Lemma tour_nodes : [set y in tour] = orbit_of Q x.
Proof.
apply/setP => y; rewrite inE; apply/mapP/idP => [[d Hd ->] | ].
  by rewrite inE; apply: (fconnect_step_connect (d := d0)); rewrite fconnect_orbit.
by rewrite inE => /(@connect_fconnect_step d0) [c Hc]; exists (y, c); rewrite -?fconnect_orbit.
Qed.

Lemma cycle_tour : cycle A tour.
Proof.
rewrite /tour cycle_map; apply: (@sub_in_cycle _ (mem (orbit step d0)) (frel step)).
- move=> d e Hd _ /= /eqP <-; apply: adj_partner_in.
  by have := @no_dead_end d; rewrite fconnect_orbit Hd /dead_end => /(_ isT).
- exact: allss.
- exact: cycle_orbit step_inj d0.
Qed.

Lemma card_orbit_gt2 : (2 < #|orbit_of Q x|)%N.
Proof.
have Hx := orbit_of_refl x; have /and3P [N1 N2 N12] := degree_two Hx.
have : [set partner Q1 x; partner Q2 x] \subset orbit_of Q x :\ x.
  apply/subsetP => z /set2P [] ->; rewrite in_setD1 ?N1 ?N2 /=.
  - exact: (partner_in_orbit true Hx).
  - exact: (partner_in_orbit false Hx).
by move/subset_leq_card; rewrite cards2 N12 (cardsD1 x (orbit_of Q x)) Hx.
Qed.

Lemma degree_two_orbit_cyclic : cyclic_orbit Q1 Q2 (orbit_of Q x).
Proof.
have Hsize : size tour == #|orbit_of Q x| by rewrite -tour_nodes cardsE (card_uniqP uniq_tour).
apply/orP; right; rewrite card_orbit_gt2; apply/existsP; exists (Tuple Hsize).
by rewrite /= uniq_tour cycle_tour tour_nodes eqxx.
Qed.

End DegreeTwoOrbit.

Lemma common_contact_orbit_cyclic y :
  partner Q1 y = partner Q2 y -> partner Q1 y != y -> cyclic_orbit Q1 Q2 (orbit_of Q y).
Proof.
move=> E N; have N' : y != partner Q1 y by rewrite eq_sym.
rewrite (orbit_of_common_contact E N) /cyclic_orbit cards2 N' /=.
by rewrite inE contact_partner //= E contact_partner // -E.
Qed.

Lemma orbit_without_end_node_cyclic x : (2 <= #|orbit_of Q x|)%N ->
  (forall y, y \in orbit_of Q x -> ~~ end_node y) -> cyclic_orbit Q1 Q2 (orbit_of Q x).
Proof.
move=> Hs Hno; have paired y : y \in orbit_of Q x -> (partner Q1 y != y) && (partner Q2 y != y).
  move=> Hy; have := paired_in_large_orbit Hs Hy; have := Hno y Hy.
  by rewrite /end_node; case: (partner Q1 y != y); case: (partner Q2 y != y).
have [y /andP [Hy /eqP E] | Hdiff] :=
    pickP [pred y in orbit_of Q x | partner Q1 y == partner Q2 y].
  have /andP [N1 _] := paired y Hy.
  by rewrite -(orbit_of_eq Hy); exact: common_contact_orbit_cyclic.
apply: degree_two_orbit_cyclic => y Hy; have /andP [-> ->] := paired y Hy.
by have := Hdiff y; rewrite /= Hy /= => ->.
Qed.

Lemma dead_end_at_paired y c : (partner Q1 y != y) || (partner Q2 y != y) ->
  dead_end (y, c) = end_node y && (c == (partner Q1 y == y)).
Proof.
rewrite /dead_end /end_node /=.
by case: c; case: (partner Q1 y =P y); case: (partner Q2 y =P y).
Qed.

(* The orbit of a dead end is closed under [flip], so it contains every dart
   over its node orbit. *)
Lemma dead_end_orbit_full d y c : dead_end d -> y \in orbit_of Q d.1 -> fconnect step d (y, c).
Proof.
move=> Hd; rewrite inE => /connect_fconnect_step [c' Hc'].
have [-> // | Ncc'] := eqVneq c c'.
have -> : (y, c) = flip (y, c') by rewrite /flip; case: c c' Ncc' {Hc'} => [] [].
have Hd1 : flip d = iter 1 step d by apply/eqP; rewrite -dead_endE.
rewrite -(iter_findex Hc') (flip_iter_step Hd1); first exact: fconnect_iter.
exact/ltnW/findex_max.
Qed.

Lemma card_fconnect_dead_ends d :
  #|[set e | fconnect step d e && dead_end e]| =
  #|[set j : 'I_(order step d) | dead_end (iter j step d)]|.
Proof.
rewrite -(@card_imset _ _ (fun j : 'I_(order step d) => iter j step d)); last first.
  move=> i j /= E; apply: ord_inj.
  by rewrite -(findex_iter (ltn_ord i)) E findex_iter.
apply: eq_card => e; rewrite !inE; apply/andP/imsetP => [[He Hde] | [j]].
  by exists (Ordinal (findex_max He)); rewrite ?inE /= iter_findex.
by rewrite inE => Hj ->; split=> //; apply: fconnect_iter.
Qed.

Lemma card_end_nodes_linear_orbit y0 : (2 <= #|orbit_of Q y0|)%N -> end_node y0 ->
  #|[set y in orbit_of Q y0 | end_node y]| = 2%N.
Proof.
move=> Hs He0; pose d := (y0, partner Q1 y0 == y0).
have Hd : dead_end d.
  by rewrite dead_end_at_paired ?He0 ?eqxx // (paired_in_large_orbit Hs (orbit_of_refl y0)).
rewrite -(card_dead_ends_in_orbit Hd) -card_fconnect_dead_ends.
rewrite -(@card_in_imset _ _ (fun y => (y, partner Q1 y == y))); last by move=> a b _ _ [].
apply: eq_card => [[y c]]; rewrite !inE; apply/imsetP/andP => [[z] | [He Hde]].
  rewrite inE => /andP [Hz Hez] [-> ->]; split; first exact: dead_end_orbit_full.
  by rewrite dead_end_at_paired ?Hez ?eqxx // (paired_in_large_orbit Hs Hz).
have Hy : y \in orbit_of Q y0 by rewrite inE; exact: (fconnect_step_connect He).
move: Hde; rewrite dead_end_at_paired ?(paired_in_large_orbit Hs Hy) // => /andP [Hey /eqP ->].
by exists y; rewrite // inE Hy.
Qed.

Lemma card_end_nodes_orbit x : #|[set y in orbit_of Q x | end_node y]| =
  (2 * ((2 <= #|orbit_of Q x|) && ~~ cyclic_orbit Q1 Q2 (orbit_of Q x)))%N.
Proof.
have no_end_nodes : (forall y, y \in orbit_of Q x -> ~~ end_node y) ->
    #|[set y in orbit_of Q x | end_node y]| = 0%N.
  move=> H; apply/eqP; rewrite cards_eq0; apply/eqP/setP => y; rewrite inE in_set0.
  by apply/negbTE/negP => /andP [Hy He]; have := H y Hy; rewrite He.
have [Hc | Hnc] := boolP (cyclic_orbit Q1 Q2 (orbit_of Q x)).
  by rewrite andbF no_end_nodes // => y; apply: cyclic_orbit_no_end_node.
have [Hs | Hs] := leqP 2 #|orbit_of Q x|; last first.
  by rewrite no_end_nodes // => y; apply: small_orbit_no_end_node.
have [y0 /andP [Hy0 He0] | Hno] := pickP [pred y in orbit_of Q x | end_node y]; last first.
  case/negP: Hnc; apply: orbit_without_end_node_cyclic => // y Hy.
  by have := Hno y; rewrite /= Hy /= => ->.
rewrite -(orbit_of_eq Hy0) in Hs *.
exact: card_end_nodes_linear_orbit.
Qed.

..............................

All that should be written out is the stretch of lines above between the one holding "apply/orP; right; rewrite" and the one holding "move=> Hs Hno;", inclusive, exactly as given.

apply/orP; right; rewrite card_orbit_gt2; apply/existsP; exists (Tuple Hsize).
by rewrite /= uniq_tour cycle_tour tour_nodes eqxx.
Qed.

End DegreeTwoOrbit.

Lemma common_contact_orbit_cyclic y :
  partner Q1 y = partner Q2 y -> partner Q1 y != y -> cyclic_orbit Q1 Q2 (orbit_of Q y).
Proof.
move=> E N; have N' : y != partner Q1 y by rewrite eq_sym.
rewrite (orbit_of_common_contact E N) /cyclic_orbit cards2 N' /=.
by rewrite inE contact_partner //= E contact_partner // -E.
Qed.

Lemma orbit_without_end_node_cyclic x : (2 <= #|orbit_of Q x|)%N ->
  (forall y, y \in orbit_of Q x -> ~~ end_node y) -> cyclic_orbit Q1 Q2 (orbit_of Q x).
Proof.
move=> Hs Hno; have paired y : y \in orbit_of Q x -> (partner Q1 y != y) && (partner Q2 y != y).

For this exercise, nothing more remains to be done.